Die Autoren sollen davon auch finanziell profitieren. Liest ein User bei Oyster mehr als zehn Prozent eines Buches, gilt dies als "gelesen" und der Herausgeber erhält eine fixe Summe als Belohnung. Bei Scribd zählt ein Konsum von zehn bis 50 Prozent eines Werks als Zehntel eines Verkaufs, alles darüber als vollständiger Verkauf. Das Angebot ist freilich mit einem gewissen Risiko für die beiden Unternehmen verbunden, da sehr eifrige Leser somit mehr kosten, als sie einbringen.

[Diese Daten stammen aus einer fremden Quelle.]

(* Let $G$ be a connected affine algebraic group acting on an affine variety $X$, and let $X=\bigcup_{i=1}^n X_i$ be the decomposition of $X$ into irreducible components. Then the action $G\times X\to X$ is observable if and only if each restricted action $G\times X_i\to X_i$ ($i=1,\dots,n$) is observable.
   Context: $\Bbbk$ is algebraically closed; varieties are reduced. Since $G$ is connected, each irreducible component $X_i$ is $G$-stable. An action of $G$ on an affine variety $Y$ is called observable if for every nonzero $G$-stable ideal $I\subset\Bbbk[Y]$ one has $I^G\neq(0)$, where $I^G$ denotes the $G$-invariant elements of $I$ under $(g\cdot f)(y)=f(g^{-1}y)$. *)

From mathcomp Require Import all_boot all_algebra.
From mathcomp Require Import mpoly.
Set Implicit Arguments. Unset Strict Implicit. Unset Printing Implicit Defensive.
Import GRing.Theory.
Local Open Scope ring_scope.

(* Points of affine n-space k^n are functions 'I_n -> k; subsets are predicates. *)

Definition pjoin (k : Type) (N m : nat) (g : 'I_N -> k) (x : 'I_m -> k)
  : 'I_(N + m) -> k :=
  fun i => match split i with inl a => g a | inr b => x b end.

Definition zariski_closed (k : fieldType) (m : nat) (Z : ('I_m -> k) -> Prop) : Prop :=
  exists S : {mpoly k[m]} -> Prop,
    forall x, Z x <-> (forall p, S p -> p.@[x] = 0).

Definition regular_map1 (k : fieldType) (N r : nat) (D : ('I_N -> k) -> Prop)
  (f : ('I_N -> k) -> ('I_r -> k)) : Prop :=
  exists P : 'I_r -> {mpoly k[N]}, forall g, D g -> forall j, f g j = (P j).@[g].

Definition regular_map2 (k : fieldType) (N m r : nat)
  (D : ('I_N -> k) -> ('I_m -> k) -> Prop)
  (f : ('I_N -> k) -> ('I_m -> k) -> ('I_r -> k)) : Prop :=
  exists P : 'I_r -> {mpoly k[N + m]},
    forall g x, D g x -> forall j, f g x j = (P j).@[pjoin g x].

Definition is_affine_group (k : fieldType) (N : nat) (G : ('I_N -> k) -> Prop)
  (mul : ('I_N -> k) -> ('I_N -> k) -> ('I_N -> k))
  (inv : ('I_N -> k) -> ('I_N -> k)) (e : 'I_N -> k) : Prop :=
  zariski_closed G /\ G e
  /\ (forall g h, G g -> G h -> G (mul g h))
  /\ (forall g, G g -> G (inv g))
  /\ (forall g h l, G g -> G h -> G l -> mul g (mul h l) = mul (mul g h) l)
  /\ (forall g, G g -> mul e g = g /\ mul g e = g)
  /\ (forall g, G g -> mul (inv g) g = e /\ mul g (inv g) = e)
  /\ regular_map2 (fun g h => G g /\ G h) mul
  /\ regular_map1 G inv.

Definition zariski_connected (k : fieldType) (N : nat) (G : ('I_N -> k) -> Prop) : Prop :=
  forall A B : ('I_N -> k) -> Prop, zariski_closed A -> zariski_closed B ->
    (forall g, G g -> A g \/ B g) -> (forall g, G g -> A g -> B g -> False) ->
    (forall g, G g -> A g) \/ (forall g, G g -> B g).

Definition is_regular_action (k : fieldType) (N m : nat) (G : ('I_N -> k) -> Prop)
  (mul : ('I_N -> k) -> ('I_N -> k) -> ('I_N -> k)) (e : 'I_N -> k)
  (X : ('I_m -> k) -> Prop) (act : ('I_N -> k) -> ('I_m -> k) -> ('I_m -> k)) : Prop :=
  (forall g x, G g -> X x -> X (act g x))
  /\ (forall x, X x -> act e x = x)
  /\ (forall g h x, G g -> G h -> X x -> act (mul g h) x = act g (act h x))
  /\ regular_map2 (fun g x => G g /\ X x) act.

Definition zariski_irreducible (k : fieldType) (m : nat) (Y : ('I_m -> k) -> Prop) : Prop :=
  (exists y, Y y) /\
  forall A B : ('I_m -> k) -> Prop, zariski_closed A -> zariski_closed B ->
    (forall y, Y y -> A y \/ B y) -> (forall y, Y y -> A y) \/ (forall y, Y y -> B y).

Definition irreducible_component (k : fieldType) (m : nat) (X Y : ('I_m -> k) -> Prop) : Prop :=
  zariski_closed Y /\ (forall y, Y y -> X y) /\ zariski_irreducible Y /\
  (forall Z, zariski_closed Z -> zariski_irreducible Z ->
     (forall y, Y y -> Z y) -> (forall y, Z y -> X y) -> forall y, Z y -> Y y).

(* Ideals of k[Y] = k[x_1..x_m]/I(Y) are represented by ideals of
   k[x_1..x_m] containing the vanishing ideal I(Y). *)
Definition coord_ideal (k : fieldType) (m : nat) (Y : ('I_m -> k) -> Prop)
  (I : {mpoly k[m]} -> Prop) : Prop :=
  (forall p, (forall y, Y y -> p.@[y] = 0) -> I p)
  /\ (forall p q, I p -> I q -> I (p + q))
  /\ (forall p q, I p -> I (q * p)).

(* nonzero in k[Y]: contains a function not vanishing identically on Y *)
Definition coord_ideal_nonzero (k : fieldType) (m : nat) (Y : ('I_m -> k) -> Prop)
  (I : {mpoly k[m]} -> Prop) : Prop :=
  exists p, I p /\ exists y, Y y /\ p.@[y] != 0.

(* G-stable for (g . f)(y) = f(g^-1 y) *)
Definition G_stable_ideal (k : fieldType) (N m : nat) (G : ('I_N -> k) -> Prop)
  (inv : ('I_N -> k) -> ('I_N -> k))
  (act : ('I_N -> k) -> ('I_m -> k) -> ('I_m -> k))
  (Y : ('I_m -> k) -> Prop) (I : {mpoly k[m]} -> Prop) : Prop :=
  forall p g, I p -> G g ->
    exists q, I q /\ forall y, Y y -> q.@[y] = p.@[act (inv g) y].

Definition observable (k : fieldType) (N m : nat) (G : ('I_N -> k) -> Prop)
  (inv : ('I_N -> k) -> ('I_N -> k))
  (act : ('I_N -> k) -> ('I_m -> k) -> ('I_m -> k))
  (Y : ('I_m -> k) -> Prop) : Prop :=
  forall I : {mpoly k[m]} -> Prop,
    coord_ideal Y I -> G_stable_ideal G inv act Y I -> coord_ideal_nonzero Y I ->
    exists p, I p /\ (exists y, Y y /\ p.@[y] != 0) /\
      (forall g y, G g -> Y y -> p.@[act (inv g) y] = p.@[y]).

(* Because G is connected it maps every component X_i into itself: g X_i is again a
   component, and {g | g X_i ⊆ X_i}, {g | g X_i ⊆ U_i} with U_i the union of the other
   components are disjoint closed sets covering G, the second one missing e.
   Hence functions on X vanishing on the G-stable set U_i restrict faithfully and
   G-equivariantly to X_i, and ideals of k[X] and k[X_i] correspond through them.
   A function h vanishing on U_i but not on X_i moves a nonzero element of either
   ideal into this correspondence, since X_i is irreducible, and an invariant
   vanishing on U_i is nonzero on X exactly when it is nonzero on X_i. *)

From mathcomp Require Import all_boot all_algebra.
From mathcomp Require Import mpoly.
From Stdlib Require Import Classical FunctionalExtensionality PropExtensionality.
Set Implicit Arguments. Unset Strict Implicit. Unset Printing Implicit Defensive.
Import GRing.Theory.
Local Open Scope ring_scope.

Section ZariskiTopology.
Variables (k : fieldType) (m : nat).
Implicit Types (A B Y Z : ('I_m -> k) -> Prop) (p q : {mpoly k[m]}).

Lemma zariski_closed_ext A B :
  (forall x, A x <-> B x) -> zariski_closed A -> zariski_closed B.
Proof. by move=> AB [S HS]; exists S => x; rewrite -AB. Qed.

Lemma zariski_closed0 : zariski_closed (fun _ : 'I_m -> k => False).
Proof.
exists (fun p => p = 1) => x; split=> // /(_ 1 erefl) /eqP.
by rewrite meval1 oner_eq0.
Qed.

Lemma zariski_closed_zeros p : zariski_closed (fun x => p.@[x] = 0).
Proof. by exists (fun q => q = p) => x; split=> [px _ -> | ]; last apply. Qed.

Lemma zariski_closedU A B :
  zariski_closed A -> zariski_closed B -> zariski_closed (fun x => A x \/ B x).
Proof.
move=> [SA HA] [SB HB].
exists (fun r => exists p q, [/\ SA p, SB q & r = p * q]) => x; split.
  move=> ABx _ [p [q [Sp Sq ->]]]; rewrite mevalM.
  by case: ABx => [/HA/(_ p Sp)|/HB/(_ q Sq)] ->; rewrite ?mul0r ?mulr0.
move=> Hx; have [|nAx] := classic (A x); first by left.
right; apply/HB => q Sq.
have [p [Sp px]] : exists p, SA p /\ p.@[x] != 0.
  apply: NNPP => Np; apply: nAx; apply/HA => p Sp.
  by apply: NNPP => px; apply: Np; exists p; split=> //; apply/eqP.
have /eqP := Hx (p * q) (ex_intro _ p (ex_intro _ q (And3 Sp Sq erefl))).
by rewrite mevalM mulf_eq0 (negbTE px) => /eqP.
Qed.

Lemma zariski_closed_bigcap (T : Type) (Z : T -> ('I_m -> k) -> Prop) :
  (forall t, zariski_closed (Z t)) -> zariski_closed (fun x => forall t, Z t x).
Proof.
move=> HZ; exists (fun p => exists t (S : {mpoly k[m]} -> Prop),
  (forall x, Z t x <-> (forall p, S p -> p.@[x] = 0)) /\ S p) => x; split.
  by move=> Zx p [t [S [HS Sp]]]; apply: (HS x).1 (Zx t) p Sp.
by move=> Hx t; have [S HS] := HZ t; apply/HS => p Sp; apply: Hx; exists t, S.
Qed.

Kleinere Kapitel verlocken zum Fertiglesen

Die gewonnenen Daten erlauben allerdings einige Rückschlüsse. Erste grobe Auswertungen zeigen etwa, dass Leser bei längeren Mystery-Romanen öfter an den Schluss springen, um herauszufinden, wie die Geschichte endet. Biographien werden häufiger zu Ende gelesen als Wirtschaftsliteratur, bei Yoga-Büchern reicht den Lesern häufig ein einziges Kapitel.

Romanzen werden schneller konsumiert als religiöse Bücher, am eiligsten haben es die Nutzer jedoch bei Erotikbüchern. Werke, die in viele kleine Abschnitte gegliedert sind, haben eine um 25 Prozent höhere Chance, fertig gelesen zu werden, was man als Konsequenz der Verlagerung des Literaturkonsums auf mobile Endgeräte ansieht.

"Frauenversteher"-Buch als Lesemagnet

Man gewinnt auch Erkenntnisse über die aktuellen Bestsellerlisten. Bei Oyster gehört derzeit das Werk "What Women Want" ("Was Frauen wollen") zu den nachgefragtesten Titeln. Es verspricht den Lesern, sie "in den Kopf einer Frau" zu entführen, um zu lernen "wie man sie verblüfft". So gut wie jeder, der mit diesem Buch anfängt, liest es auch zu Ende. Im Gegensatz dazu kommt nur weniger als ein Prozent der Leser bei "The Cycles of American History" von Arthur Schlesinger bis zum Schluss.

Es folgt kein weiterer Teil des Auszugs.